• Required action
Each line from the start of the entries through the line that contains "m x y is the" should be output exactly, please.

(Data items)
(* Let $z\ge0$ and let $(C,F)$ be a $z$-antler in an undirected multigraph $G$. Then there exists $F'\subseteq F$ such that $(C,F')$ is a $z$-antler in $G$ and $G[F']$ has at most $\frac{|C|}{2}(z^2+2z-1)$ trees.
   Context: A feedback vertex set (FVS) of $G$ is a set $X\subseteq V(G)$ with $G-X$ acyclic (self-loops and pairs of parallel edges count as cycles); $\mathrm{fvs}(G)$ is its minimum size. For disjoint $X,Y$, $e(X,Y)$ is the number of edges between $X$ and $Y$. A feedback vertex cut (FVC) in $G$ is a pair of disjoint sets $C,F\subseteq V(G)$ such that $G[F]$ is a forest and every tree $T$ of $G[F]$ satisfies $e(V(T),V(G)\setminus(C\cup F))\le1$. An antler is a FVC $(C,F)$ with $|C|\le\mathrm{fvs}(G[C\cup F])$. For $C\subseteq V(G)$, a $C$-certificate is a subgraph $H$ of $G$ such that $C$ is a minimum FVS of $H$; it has order $z$ if every component $H'$ of $H$ satisfies $\mathrm{fvs}(H')=|C\cap V(H')|\le z$. A $z$-antler is an antler $(C,F)$ such that $G[C\cup F]$ contains a $C$-certificate of order $z$. *)

From mathcomp Require Import all_boot all_order all_algebra.
Set Implicit Arguments. Unset Strict Implicit. Unset Printing Implicit Defensive.

(* A finite undirected multigraph on a finite vertex type V is given by a
   multiplicity function m : V -> V -> nat, assumed symmetric (m x y = m y x);
   m x y is the number of edges between x and y, and m x x the number of
   self-loops at x. *)

Section MGraph.
Variable V : finType.
Implicit Types (m : V -> V -> nat) (S X Y C F : {set V}).

Definition acyclic_on m S : bool :=
  [&& [forall x in S, m x x == 0],
      [forall x in S, forall y in S, (x != y) ==> (m x y <= 1)]
    & ~~ [exists n : 'I_(#|V|).+1, exists t : n.-tuple V,
            [&& 3 <= n, uniq t, all (fun v => v \in S) t
              & cycle (fun a b => 0 < m a b) t]]].

Definition is_fvs m S X : bool := (X \subset S) && acyclic_on m (S :\: X).

(* fvs = minimum size of a feedback vertex set (S itself is always one) *)
Definition fvs m S : nat :=
  \big[minn/#|S|]_(X : {set V} | is_fvs m S X) #|X|.

Definition is_min_fvs m S X : bool := is_fvs m S X && (#|X| == fvs m S).

Definition adj m S : rel V := fun x y => [&& x \in S, y \in S & 0 < m x y].
(* Let $D$ be a pipe dream and $i\ge1$ a row index with $\mathcal J_i(D)\neq\emptyset$, and let $j_{\min}=\min\mathcal J_i(D)$. Then $\delta(D)=\delta\big(D\setminus\{(i,j_{\min})\}\big)\star s_i$.
   Context: Permutations: $S_\infty=\bigcup_n S_n$ is generated by the simple transpositions $s_a=(a\ a{+}1)$, $a\ge 1$; $l(w)$ is the Coxeter length of $w$. A pipe dream is a finite subset $D\subset\mathbb{Z}_{>0}\times\mathbb{Z}_{>0}$; its elements $(r,c)$ are called crosses (in row $r$, column $c$). The reading word of $D$ is obtained by listing the crosses row by row from top to bottom, within each row from right to left (decreasing $c$), and recording for each cross $(r,c)$ its antidiagonal index $r+c-1$; this gives a word $(a_1,\dots,a_k)$. For $u\in S_\infty$ put $u\star s_a=us_a$ if $l(us_a)=l(u)+1$ and $u\star s_a=u$ otherwise. The Demazure product of $D$ is $\delta(D)=(\cdots((e\star s_{a_1})\star s_{a_2})\cdots)\star s_{a_k}$. For a pipe dream $D$ and row index $i$: $\mathrm{start}_i(D)=\min\{c\ge1:(i,c)\notin D\}$ and $\mathcal J_i(D)=\{c<\mathrm{start}_i(D):(i+1,c)\notin D\}$. *)

From mathcomp Require Import all_boot.
Set Implicit Arguments. Unset Strict Implicit. Unset Printing Implicit Defensive.

(* ---------- Permutations of S_infty ----------
   An element of S_infty is represented by its one-line notation on an
   initial segment {1,...,n}: a list [w(1); ...; w(n)] which is a permutation
   of 1..n; w fixes every x > n.  Two lists represent the same permutation
   iff [papp] agrees on them (trailing fixed points may differ). *)
Definition perm_inf := seq nat.

Definition papp (w : perm_inf) (x : nat) : nat :=
  if (0 < x) && (x <= size w) then nth 0 w x.-1 else x.

Definition peq (u v : perm_inf) : Prop := forall x, 0 < x -> papp u x = papp v x.

Definition sfun (a x : nat) : nat :=
  if x == a then a.+1 else if x == a.+1 then a else x.

Definition pad (n : nat) (w : perm_inf) : perm_inf :=
  w ++ iota (size w).+1 (n - size w).

Definition rmul_s (u : perm_inf) (a : nat) : perm_inf :=
  let u' := pad a.+1 u in [seq papp u' (sfun a x) | x <- iota 1 (size u')].
(* The agents sit diametrically opposite on a circle of radius rho/2 about the beacon,
   moving tangentially in opposite directions. *)
Lemma circling_equilibrium_exists mu lambda a : 0 < (1 - lambda) * mu -> a < 0 ->
  exists s, circling_equilibrium 0 mu lambda a 0 s.
Proof.
  intros HK Ha.
  set (d := 2 / ((1 - lambda) * mu * (- a))).
  assert (Hd : 0 < d) by (apply Rdiv_lt_0_compat; nra).
  set (s := mkState (mkV3 (d / 2) 0 0) (mkV3 (- (d / 2)) 0 0) (mkV3 0 1 0) (mkV3 0 (-1) 0)).
  assert (Hx1 : vnorm (x1 s) = 1) by (apply vnorm_eq; [lra | unfold vdot; simpl; ring]).
  assert (Hx2 : vnorm (x2 s) = 1) by (apply vnorm_eq; [lra | unfold vdot; simpl; ring]).
  assert (Hr : rho s = d) by (apply vnorm_eq; [lra | unfold vdot, rrel, vsub; simpl; field]).
  assert (Hr1 : rho1b1 0 s = d / 2) by (rewrite rho1b1_0; apply vnorm_eq; [lra | unfold vdot; simpl; field]).
  assert (Hr2 : rho2b2 0 s = d / 2) by (rewrite rho2b2_0; apply vnorm_eq; [lra | unfold vdot; simpl; field]).
  exists s; repeat split; try assumption; try lra.
  apply vanishing_rates_of_shape; try assumption; try lra.
  - unfold xbar1; rewrite Hr; unfold vdot, rrel, vsub; simpl; field; lra.
  - unfold xbar2; rewrite Hr; unfold vdot, rrel, vsub; simpl; field; lra.
  - unfold xbar1b1; rewrite Hr1, r1b1_0; unfold vdot; simpl; field; lra.
  - unfold xbar2b2; rewrite Hr2, r2b2_0; unfold vdot; simpl; field; lra.
  - unfold xtilde, vdot; simpl; ring.
Qed.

• Answer to the exercise
(* Let $z\ge0$ and let $(C,F)$ be a $z$-antler in an undirected multigraph $G$. Then there exists $F'\subseteq F$ such that $(C,F')$ is a $z$-antler in $G$ and $G[F']$ has at most $\frac{|C|}{2}(z^2+2z-1)$ trees.
   Context: A feedback vertex set (FVS) of $G$ is a set $X\subseteq V(G)$ with $G-X$ acyclic (self-loops and pairs of parallel edges count as cycles); $\mathrm{fvs}(G)$ is its minimum size. For disjoint $X,Y$, $e(X,Y)$ is the number of edges between $X$ and $Y$. A feedback vertex cut (FVC) in $G$ is a pair of disjoint sets $C,F\subseteq V(G)$ such that $G[F]$ is a forest and every tree $T$ of $G[F]$ satisfies $e(V(T),V(G)\setminus(C\cup F))\le1$. An antler is a FVC $(C,F)$ with $|C|\le\mathrm{fvs}(G[C\cup F])$. For $C\subseteq V(G)$, a $C$-certificate is a subgraph $H$ of $G$ such that $C$ is a minimum FVS of $H$; it has order $z$ if every component $H'$ of $H$ satisfies $\mathrm{fvs}(H')=|C\cap V(H')|\le z$. A $z$-antler is an antler $(C,F)$ such that $G[C\cup F]$ contains a $C$-certificate of order $z$. *)

From mathcomp Require Import all_boot all_order all_algebra.
Set Implicit Arguments. Unset Strict Implicit. Unset Printing Implicit Defensive.

(* A finite undirected multigraph on a finite vertex type V is given by a
   multiplicity function m : V -> V -> nat, assumed symmetric (m x y = m y x);
   m x y is the number of edges between x and y, and m x x the number of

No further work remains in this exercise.